Blair embarks on telephone diplomacy over Iraq

Tony Blair today embarked on a last-minute round of telephone diplomacy as hopes for a second resolution on Iraq began to fade and a second Gulf war loomed.

Tony Blair today embarked on a last-minute round of telephone diplomacy as hopes for a second resolution on Iraq began to fade and a second Gulf war loomed.

As the British Prime Minister called world leaders from Downing Street to try to get them behind a fresh resolution, Foreign Secretary Jack Straw conceded war on Iraq was “now much more probable” than before.

Ministers blamed the dwindling chances of a diplomatic solution to the crisis on France’s “intransigence” by promising to veto anything put before the United Nations Security Council.

And there were concerns about the toll the crisis is taking on the Prime Minister after Home Secretary David Blunkett spoke of the “the tremendous damage to his health”.

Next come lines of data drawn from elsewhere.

(* Let $B$ be a unital $C^*$-algebra with a $*$-isomorphism $\psi:B\to M_n\otimes B$ satisfying $\psi(1)=I_n\otimes1$, and suppose that $A$ is a maximal abelian $*$-subalgebra of $B$ with $\sigma_1(A)\subset A$. Then $\psi_m(A)\subset M_n^{\otimes m}\otimes A$ for all $m\ge0$.
   Context: $M_n=M_n(\mathbb{C})$, identity $I_n$. Define $\psi_0=\mathrm{id}_B$, $\psi_{m+1}=(\mathrm{id}^{\otimes m}\otimes\psi)\circ\psi_m:B\to M_n^{\otimes(m+1)}\otimes B$. With $f(b)=I_n\otimes b$, $\sigma_1=\psi^{-1}\circ f:B\to B$. *)

From HB Require Import structures.
From mathcomp Require Import all_boot all_order all_algebra.
From mathcomp Require Import reals.
From mathcomp.real_closed Require Import complex.

Set Implicit Arguments.
Unset Strict Implicit.
Unset Printing Implicit Defensive.

Import Order.TTheory GRing.Theory Num.Theory.
Local Open Scope ring_scope.

Section CStar.
Variables (R : realType) (B : algType R[i]).

Definition Cauchy_seq (nrm : B -> R) (u : nat -> B) : Prop :=
  forall e : R, 0 < e -> exists N : nat,
    forall p q : nat, (N <= p)%N -> (N <= q)%N -> nrm (u p - u q) < e.

Definition converges_to (nrm : B -> R) (u : nat -> B) (l : B) : Prop :=
  forall e : R, 0 < e -> exists N : nat, forall p : nat, (N <= p)%N -> nrm (u p - l) < e.

Definition is_Cstar_algebra (star : B -> B) (nrm : B -> R) : Prop :=
      (forall x y, star (x + y) = star x + star y)/\
      (forall (c : R[i]) x, star (c *: x) = (conjc c) *: star x)/\
      (forall x y, star (x * y) = star y * star x)/\
      (forall x, star (star x) = x)/\
      (forall x, nrm x = 0 -> x = 0)/\
      (forall x y, nrm (x + y) <= nrm x + nrm y)/\
      (forall (c : R[i]) x, nrm (c *: x) = ComplexField.Normc.normc c * nrm x)/\
      (forall x y, nrm (x * y) <= nrm x * nrm y)/\
      (forall x, nrm (star x * x) = nrm x ^+ 2) /\
      (forall u, Cauchy_seq nrm u -> exists l, converges_to nrm u l).

(* The *-algebra M_n (x) B, identified with n x n matrices over B; its       *)
(* involution is the conjugate transpose (X^* )_{ij} = (X_{ji})^*.           *)
Definition mx_star (star : B -> B) (n : nat) (X : 'M[B]_n) : 'M[B]_n :=
  \matrix_(i, j) star (X j i).

Definition is_star_iso (star : B -> B) (n : nat) (psi : B -> 'M[B]_n) : Prop :=
  [/\ (forall x y, psi (x + y) = psi x + psi y),
      (forall (c : R[i]) x, psi (c *: x) = map_mx (fun y => c *: y) (psi x)),
      (forall x y, psi (x * y) = psi x *m psi y),
      (forall x, psi (star x) = mx_star star (psi x)) &
      bijective psi].

Definition is_star_subalgebra (star : B -> B) (A : B -> Prop) : Prop :=
  [/\ A 0,
      (forall x y, A x -> A y -> A (x + y)),
      (forall (c : R[i]) x, A x -> A (c *: x)),
      (forall x y, A x -> A y -> A (x * y)) &
      (forall x, A x -> A (star x))].

Definition is_abelian (A : B -> Prop) : Prop :=
  forall x y, A x -> A y -> x * y = y * x.

Definition is_masa (star : B -> B) (A : B -> Prop) : Prop :=
  [/\ is_star_subalgebra star A, is_abelian A &
      forall A' : B -> Prop, is_star_subalgebra star A' -> is_abelian A' ->
        (forall x, A x -> A' x) -> forall x, A' x -> A x].

(* psi_m : B -> M_n^{(x) m} (x) B, where an element of M_n^{(x) m} (x) B is  *)
(* encoded by its B-valued matrix entries indexed by multi-indices          *)
(* (m-tuples of 'I_n).  The HEAD of a tuple indexes the LAST M_n tensor     *)
(* factor (the one adjacent to B), so that                                  *)
(*   psi_{m+1} = (id^{(x) m} (x) psi) o psi_m                              *)
(* reads psi_{m+1}(b)[(k::I),(l::J)] = psi(psi_m(b)[I,J])[k,l].             *)
Fixpoint psi_iter (n : nat) (psi : B -> 'M[B]_n) (m : nat) {struct m} :
    B -> m.-tuple 'I_n -> m.-tuple 'I_n -> B :=
  match m return B -> m.-tuple 'I_n -> m.-tuple 'I_n -> B with
  | 0 => fun b _ _ => b
  | m'.+1 => fun b (I J : m'.+1.-tuple 'I_n) =>
      psi (@psi_iter n psi m' b (behead_tuple I) (behead_tuple J)) (thead I) (thead J)
  end.

End CStar.

From HB Require Import structures.
From mathcomp Require Import all_boot all_order all_algebra.
From mathcomp Require Import reals.
From mathcomp.real_closed Require Import complex.
Import Order.TTheory GRing.Theory Num.Theory.
Local Open Scope ring_scope.

(* A masa A contains everything commuting with it: a self-adjoint h commuting
   with A generates, together with A, an abelian *-algebra (the bicommutant of
   A + {h}), so h is in A by maximality, and every element of the commutant is a
   complex combination of two such h.  If a is in A and b is in A, then so is
   sigma_1(b), whose image under psi is the scalar matrix b; applying psi to
   a sigma_1(b) = sigma_1(b) a shows that every entry of psi(a) commutes with
   b, hence lies in A. *)

Lemma conjc_i (R : rcfType) : conjc ('i%C : R[i]) = - 'i%C.
Proof. by apply/eqP; rewrite eq_complex /= oppr0 !eqxx. Qed.

Section Commutant.
Set Implicit Arguments.
Variables (R : realType) (B : algType R[i]) (star : B -> B).
Hypotheses (starD : forall x y, star (x + y) = star x + star y)
  (starZ : forall (c : R[i]) x, star (c *: x) = conjc c *: star x)
  (starM : forall x y, star (x * y) = star y * star x)
  (starK : forall x, star (star x) = x).

Definition commutant (S : B -> Prop) : B -> Prop :=
  fun z => forall s, S s -> z * s = s * z.

Definition star_closed (S : B -> Prop) : Prop := forall s, S s -> S (star s).

Lemma star_closed_commutant S : star_closed S -> star_closed (commutant S).
Proof.
move=> Sstar z Sz s Ss; have /(congr1 star) := Sz _ (Sstar _ Ss).
by rewrite !starM starK => ->.
Qed.

Lemma star_subalgebra_commutant S :
  star_closed S -> is_star_subalgebra star (commutant S).
Proof.
move=> Sstar; split.
- by move=> z _; rewrite mul0r mulr0.
- by move=> x y Sx Sy z Sz; rewrite mulrDl mulrDr Sx // Sy.
- by move=> c x Sx z Sz; rewrite -scalerAl -scalerAr Sx.
- by move=> x y Sx Sy z Sz; rewrite -mulrA Sy // mulrA Sx // mulrA.
- exact: star_closed_commutant.
Qed.

Lemma sub_bicommutant S x : S x -> commutant (commutant S) x.
Proof. by move=> Sx z Sz; rewrite Sz. Qed.

Lemma abelian_bicommutant S : is_abelian S -> is_abelian (commutant (commutant S)).
Proof. by move=> Sab x y Sx Sy; apply: Sx => s Ss; apply: Sy => t St; apply: Sab. Qed.

Variable A : B -> Prop.
Hypothesis Amasa : is_masa star A.

Lemma masa_selfadjoint_commutant h : star h = h -> commutant A h -> A h.
Proof.
case: (Amasa) => -[_ _ _ _ Astar] Aab Amax hsa Ah.
pose S x := A x \/ x = h.
have Sstar : star_closed S by move=> s [As|->]; [left; apply: Astar | right].
have Sab : is_abelian S.
  by move=> x y [Ax|->] [Ay|->] //; [apply: Aab | rewrite Ah | rewrite Ah].
apply: (Amax (commutant (commutant S))).
- exact/star_subalgebra_commutant/star_closed_commutant.
- exact: abelian_bicommutant.
- by move=> x Ax; apply: sub_bicommutant; left.
- by apply: sub_bicommutant; right.
Qed.

Lemma star_opp x : star (- x) = - star x.
Proof. by rewrite -scaleN1r starZ rmorphN1 scaleN1r. Qed.

Lemma cartesian_decomposition y :
  y = 2^-1 *: ((y + star y) + 'i%C *: ('i%C *: (star y - y))).
Proof.
rewrite scalerA -expr2 sqr_i scaleN1r opprB addrACA subrr addr0 -mulr2n.
by rewrite -[y *+ 2](@scaler_nat R[i]) scalerA mulVf ?scale1r // pnatr_eq0.
Qed.

Lemma masa_commutant y : commutant A y -> A y.
Proof.
case: (Amasa) => -[_ AD AZ _ Astar] _ _ Ay.
have Aystar : commutant A (star y) by apply: star_closed_commutant.
have re_y : A (y + star y).
  apply: masa_selfadjoint_commutant; first by rewrite starD starK addrC.
  by move=> s As; rewrite mulrDl mulrDr Ay // Aystar.
have im_y : A ('i%C *: (star y - y)).
  apply: masa_selfadjoint_commutant.
    by rewrite starZ starD star_opp starK conjc_i scaleNr -scalerN opprB.
  by move=> s As; rewrite -scalerAl -scalerAr mulrBl mulrBr Ay // Aystar.
by rewrite (cartesian_decomposition y); apply/AZ/AD => //; apply/AZ.
Qed.

End Commutant.

Lemma scalar_mx_comm_entry (T : ringType) (n : nat) (X : 'M[T]_n) (b : T) :
  X *m b%:M = b%:M *m X -> forall i j, X i j * b = b * X i j.
Proof.
move=> /matrixP XbC i j; have := XbC i j.
by rewrite -!diag_const_mx mul_mx_diag mul_diag_mx !mxE.
Qed.

Theorem proposition3p4 (R : realType) (B : algType R[i])
    (star : B -> B) (nrm : B -> R) (HB : is_Cstar_algebra star nrm)
    (n : nat) (psi : B -> 'M[B]_n) (Hpsi : is_star_iso star psi)
    (Hpsi1 : psi 1 = 1%:M)
    (A : B -> Prop) (HA : is_masa star A)
    (* sigma_1(A) is contained in A, where sigma_1 = psi^{-1} o f with
       f(b) = I_n (x) b = b%:M; i.e. the unique b with psi b = a%:M lies in A *)
    (Hsigma : forall a b, A a -> psi b = a%:M -> A b) :
  forall (m : nat) (a : B), A a ->
    forall I J : m.-tuple 'I_n, A (@psi_iter R B n psi m a I J).
Proof.
case: Hpsi => _ _ psiM _ [sigma _ psiK].
have [starD [starZ [starM [starK _]]]] := HB.
have [_ Aab _] := HA.
have A_psi_entry a : A a -> forall k l, A (psi a k l).
  move=> Aa k l; apply: (masa_commutant starD starZ starM starK HA) => b Ab.
  have Asb : A (sigma b%:M) by apply: (Hsigma b) => //; rewrite psiK.
  apply: (scalar_mx_comm_entry (X := psi a)).
  by rewrite -[b%:M]psiK -!psiM Aab.
by elim=> [|m IH] a Aa I J //=; apply: A_psi_entry; apply: IH.
Qed.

Mr Blair will fly the 1,500 miles to the Azores tomorrow for an emergency summit with US President George Bush and Spanish premier Jose Maria Aznar designed to salvage what they can of their second resolution.

But many believe the time for diplomacy is over and their talks will amount to a council of war.

The Prime Minister spoke to his deputy John Prescott, party chairman John Reid and other ministers at No 10 today to ensure he has the full backing of the Cabinet before flying in to the mid-Atlantic archipelago.

There was gloom in Downing Street as French foreign minister Dominique de Villepin restated his country’s intention to veto any resolution which authorised military action.

Even if the new resolution put before the Security Council receives the nine votes it needs, a veto by France, Russia or China would blow it out of the water.

Mr de Villepin told BBC2’s Newsnight on Friday that France would not let the six undecided countries on the Security Council take responsibility for the vote on a fresh resolution.

Dr Reid said his remarks were “disappointing”.

Addressing the party’s eastern conference in Clacton, after seeing the Prime Minister, Dr Reid said: “Is it any wonder that it is proving so difficult to reach agreement on a second resolution?

“If as a result of Iraqi non-compliance and French intransigence that is not possible, then it makes the diplomacy very, very difficult. But we will continue to work hard to change minds and get that second resolution.”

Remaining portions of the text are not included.